> WHAT THE TASK REQUIRES:
For the data below, give again exactly the lines from the one containing "0 < c -> (forall" through the one containing "(S : 'M[R]_m) (* the", both ends included, and no others.

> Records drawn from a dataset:
____

Lemma gradient_step_decrease Th :
  stacked_obj (Th - alpha *: (S *m S *m stacked_grad f Th)) <=
  stacked_obj Th - alpha / 2 * fnorm (S *m stacked_grad f Th) ^+ 2.
Proof.
set G := stacked_grad f Th; set s := specnorm S; set a := fnorm (S *m G) ^+ 2.
have inner : fdot G ((- alpha) *: (S *m S *m G)) = - alpha * a.
  by rewrite fdotZr -mulmxA fdot_mulmxr S_sym /a sqr_fnorm.
have quad : fnorm ((- alpha) *: (S *m S *m G)) ^+ 2 <= alpha ^+ 2 * (s ^+ 2 * a).
  rewrite fnormZ normrN (ger0_norm (ltW alpha_gt0)) exprMn ler_wpM2l ?sqr_ge0 //.
  rewrite /a -exprMn ler_pXn2r ?nnegrE ?mulr_ge0 ?specnorm_ge0 ?fnorm_ge0 //.
  by rewrite -mulmxA; apply: le_trans (fnorm_lmulmx_le_specnorm _ _) _; rewrite S_sym.
rewrite -scaleNr; apply: le_trans (stacked_descent _ _) _; rewrite inner.
have a_ge0 : 0 <= a by rewrite sqr_ge0.
have : L / 2 * fnorm ((- alpha) *: (S *m S *m G)) ^+ 2 <= alpha / 2 * a.
  apply: le_trans (ler_wpM2l _ quad) _; first by rewrite mulr_ge0 ?invr_ge0.
  have -> : L / 2 * (alpha ^+ 2 * (s ^+ 2 * a)) = alpha * (s ^+ 2 * L) * (alpha / 2 * a).
    by ring.
  by rewrite ler_piMl // mulr_ge0 // divr_ge0 // ltW.
lra.
Qed.

End StackedObjective.

Section Laplacian.
Variables (R : realType) (m : nat) (e : rel 'I_m).
Hypothesis e_undir : undirected_graph e.

Lemma block_sum_laplacian : block_sum (laplacian R e) = 0.
Proof.
case: e_undir => e_sym e_irr; apply/rowP => j; rewrite !mxE.
under eq_bigr do rewrite !mxE mul1r.
rewrite (bigD1 j) //= eqxx (eq_bigr (fun i => - (e j i)%:R)); last first.
  by move=> i /negbTE ->; rewrite e_sym.
rewrite sumrN; apply/eqP; rewrite subr_eq0; apply/eqP.
rewrite -sum1_card big_mkcond natr_sum [RHS]big_mkcond; apply: eq_bigr => i _.
rewrite (_ : i \in _ = e j i); last by apply/idP/idP; rewrite in_setE.
by case: eqP => [->|_]; rewrite ?e_irr //; case: (e j i).
Qed.

Lemma block_sum_laplacian_step n (Th G : 'M[R]_(m, n)) (alpha : R) :
  block_sum (Th - alpha *: (laplacian R e *m G)) = block_sum Th.
Proof.
rewrite /block_sum mulmxBr -scalemxAr mulmxA.
rewrite -[const_mx 1 *m laplacian R e]/(block_sum _) block_sum_laplacian.
by rewrite mul0mx scaler0 subr0.
Qed.
End Laplacian.

Section SufficientDecrease.
Variable R : realType.

Lemma cvg0_of_sufficient_decrease (u a : R^nat) (c B : R) :
  0 < c -> (forall k, 0 <= a k) -> (forall k, B <= u k) ->
  (forall k, u k.+1 <= u k - c * a k) -> a @ \oo --> 0.
Proof.
move=> c_gt0 a_ge0 u_ge u_decr.
have partial_le k : c * series a k <= u 0%N - u k.
  elim: k => [|k IH]; first by rewrite /series /= big_geq // mulr0 subrr.
  by rewrite seriesSr mulrDr; have := u_decr k; lra.
apply: cvg_series_cvg_0; apply: nondecreasing_is_cvgn.
  by apply/nondecreasing_seqP => k; rewrite seriesSr lerDl.
exists ((u 0%N - B) / c) => _ [k _ <-].
rewrite ler_pdivlMr // mulrC; apply: le_trans (partial_le k) _.
by rewrite lerD2l lerN2.
Qed.
End SufficientDecrease.

Theorem proposition2 (R : realType) (m n : nat) (hm : (2 <= m)%N) (hn : (1 <= n)%N)
  (f : 'I_m -> 'rV[R]_n -> R) (r : 'rV[R]_n) (e : rel 'I_m)
  (Lg LH : 'I_m -> R)
  (S : 'M[R]_m) (* the square root of the Laplacian *)
  (Th0 : 'M[R]_(m, n)) (alpha : R) (theta : nat -> 'M[R]_(m, n)) :
  undirected_graph e ->
  (forall i, smooth (f i)) ->
  (forall i, grad_lipschitz (f i) (Lg i)) ->
  (forall i, hessian_lipschitz (f i) (LH i)) ->
  (forall i, coercive (f i)) ->
  connected_graph e ->
  S^T = S -> (forall v : 'rV[R]_m, 0 <= (v *m S *m v^T) 0 0) ->
  S *m S = laplacian R e ->
  block_sum Th0 = r ->
  0 < alpha ->
  alpha <= 1 / (specnorm S ^+ 2 * \big[Num.max/0]_(i < m) Lg i) ->
  theta 0%N = Th0 ->
  (forall k, theta k.+1 = theta k - alpha *: (laplacian R e *m stacked_grad f (theta k))) ->
  (forall k, block_sum (theta k) = r) /\
  (fun k => fnorm (S *m stacked_grad f (theta k))) @ \oo --> 0.
Proof.
move=> e_undir f_smooth f_lip _ f_coer _ S_sym _ S_sqr Th0_sum alpha_gt0 alpha_le.
move=> theta0 theta_succ.
have f_diff i p : differentiable (f i) p := f_smooth i [::] p.
set L := \big[Num.max/0]_(i < m) Lg i in alpha_le.
have L_ge0 : 0 <= L by exact: bigmax_ge_id.
have Lg_le i : Lg i <= L by exact: le_bigmax.
have alpha_small : alpha * (specnorm S ^+ 2 * L) <= 1.
  have [->|P_neq0] := eqVneq (specnorm S ^+ 2 * L) 0; first by rewrite mulr0 ler01.
  by rewrite -ler_pdivlMr // lt_def P_neq0 mulr_ge0 ?sqr_ge0.
split=> [k|].
  by elim: k => [|k IH]; rewrite ?theta0 // theta_succ block_sum_laplacian_step.
pose a k := fnorm (S *m stacked_grad f (theta k)) ^+ 2.
have [B obj_ge] := stacked_obj_bounded_below f_diff f_lip f_coer.
have a_cvg0 : a @ \oo --> 0.
  apply: (@cvg0_of_sufficient_decrease _ (stacked_obj f \o theta) a (alpha / 2) B) => //.
  - by rewrite divr_gt0.
  - by move=> k; exact: sqr_ge0.
  - by move=> k; exact: obj_ge.
  - by move=> k /=; rewrite theta_succ -S_sqr; exact: gradient_step_decrease.
have -> : (fun k => fnorm (S *m stacked_grad f (theta k))) = Num.sqrt \o a.
  by apply/funext => k /=; rewrite sqrtr_sqr ger0_norm ?fnorm_ge0.
by rewrite -sqrtr0; exact: continuous_cvg (@sqrt_continuous R 0) a_cvg0.
Qed.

____

> YOUR RESPONSE:
  0 < c -> (forall k, 0 <= a k) -> (forall k, B <= u k) ->
  (forall k, u k.+1 <= u k - c * a k) -> a @ \oo --> 0.
Proof.
move=> c_gt0 a_ge0 u_ge u_decr.
have partial_le k : c * series a k <= u 0%N - u k.
  elim: k => [|k IH]; first by rewrite /series /= big_geq // mulr0 subrr.
  by rewrite seriesSr mulrDr; have := u_decr k; lra.
apply: cvg_series_cvg_0; apply: nondecreasing_is_cvgn.
  by apply/nondecreasing_seqP => k; rewrite seriesSr lerDl.
exists ((u 0%N - B) / c) => _ [k _ <-].
rewrite ler_pdivlMr // mulrC; apply: le_trans (partial_le k) _.
by rewrite lerD2l lerN2.
Qed.
End SufficientDecrease.

Theorem proposition2 (R : realType) (m n : nat) (hm : (2 <= m)%N) (hn : (1 <= n)%N)
  (f : 'I_m -> 'rV[R]_n -> R) (r : 'rV[R]_n) (e : rel 'I_m)
  (Lg LH : 'I_m -> R)
  (S : 'M[R]_m) (* the square root of the Laplacian *)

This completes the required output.